**Problem description**
Your answer must consist of one number: how many lines in the records contain "assert".

**Working data**
Lemma joined_on_interval (X : Top) Z x y v w : joined X Z x y -> v < w ->
  exists h : R -> X, contOn X v w h /\ h v = x /\ h w = y /\
    forall s, v <= s <= w -> Z (h s).
Proof.
  intros [h [Hc [H0 [H1 HZ]]]] Hvw.
  set (phi := fun s => (s - v) * / (w - v)).
  assert (Hpos : 0 < / (w - v)) by (apply Rinv_0_lt_compat; lra).
  assert (Hr : forall s, v <= s <= w -> 0 <= phi s <= 1).
  { intros s Hs. unfold phi. split.
    - apply Rmult_le_pos; lra.
    - apply (Rmult_le_reg_r (w - v)); [lra|].
      replace ((s - v) * / (w - v) * (w - v)) with (s - v) by (field; lra). lra. }
  exists (fun s => h (phi s)). split; [|split; [|split]].
  - apply (contOn_reparam X 0 1 h v w phi (/ (w - v))); auto.
    intros s t. unfold phi.
    replace ((s - v) * / (w - v) - (t - v) * / (w - v)) with (/ (w - v) * (s - t))
      by (field; lra).
    rewrite Rabs_mult, (Rabs_pos_eq (/ (w - v))); lra.
  - unfold phi. replace ((v - v) * / (w - v)) with 0 by (field; lra). auto.
  - unfold phi. replace ((w - v) * / (w - v)) with 1 by (field; lra). auto.
  - intros s Hs. apply HZ. auto.
Qed.

Lemma joined_of_path (X : Top) (Z : X -> Prop) (g : I -> X) :
  cont Iopen (op X) g -> (forall t, Z (g t)) -> joined X Z (g I0) (g I1).
Proof.
  intros Hc HZ. exists (fun s => g (clampI s)). split; [|split; [|split]].
  - intros t Ht V HV Vt. destruct (cont_clampI _ g Hc t V HV Vt) as [d [Hd Hs]].
    exists d; split; auto.
  - now rewrite clampI_0.
  - now rewrite clampI_1.
  - intros; apply HZ.
Qed.

(* Compact subsets of I are closed: a point outside K has a neighbourhood
   missing K.  K is covered by the open sets {t | 1/n < |t - u|}. *)
Lemma compact_avoids_nbhd (K : I -> Prop) (u : I) : Defs.compact Iopen K -> ~ K u ->
  exists d, 0 < d /\ forall t : I, Rabs (proj1_sig t - proj1_sig u) < d -> ~ K t.
Proof.
  intros HK Hu.
  set (far := fun (n : nat) (t : I) => / INR n < Rabs (proj1_sig t - proj1_sig u)).
  set (C := fun V : I -> Prop => exists n : nat, (0 < n)%nat /\ V = far n).
  destruct (HK C) as [l [Hl1 Hl2]].
  - intros V [n [_ ->]] t Ht. unfold far in *.
    exists (Rabs (proj1_sig t - proj1_sig u) - / INR n). split; [lra|].
    intros s Hs.
    pose proof (Rabs_triang (proj1_sig t - proj1_sig s) (proj1_sig s - proj1_sig u)) as Htr.
    replace (proj1_sig t - proj1_sig s + (proj1_sig s - proj1_sig u))
      with (proj1_sig t - proj1_sig u) in Htr by ring.
    rewrite (Rabs_minus_sym (proj1_sig t) (proj1_sig s)) in Htr. lra.
  - intros x Kx.
    assert (Hne : proj1_sig x <> proj1_sig u).
    { intro E. apply Hu. destruct x as [x hx], u as [u hu]. simpl in E. subst.
      replace hu with hx by apply proof_irrelevance. auto. }
    assert (Hp : 0 < Rabs (proj1_sig x - proj1_sig u)) by (apply Rabs_pos_lt; lra).
    destruct (archimed_cor1 _ Hp) as [n [Hn1 Hn2]].
    exists (far n). split; [exists n; auto|exact Hn1].
  - destruct (finite_common_radius l
                (fun V d => forall t, V t -> d <= Rabs (proj1_sig t - proj1_sig u)))
      as [d [Hd Hall]].
    + intros V d d' H [_ H'] t Vt. specialize (H t Vt). lra.
    + intros V HV. destruct (Hl1 V HV) as [n [Hn ->]].
      exists (/ INR n). split; [apply Rinv_0_lt_compat, lt_0_INR; auto|].
      intros t Ht; unfold far in Ht; lra.
    + exists d. split; auto. intros t Ht Kt.
      destruct (Hl2 t Kt) as [V [HV Vt]]. specialize (Hall V HV t Vt). lra.
Qed.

**Written answer**
4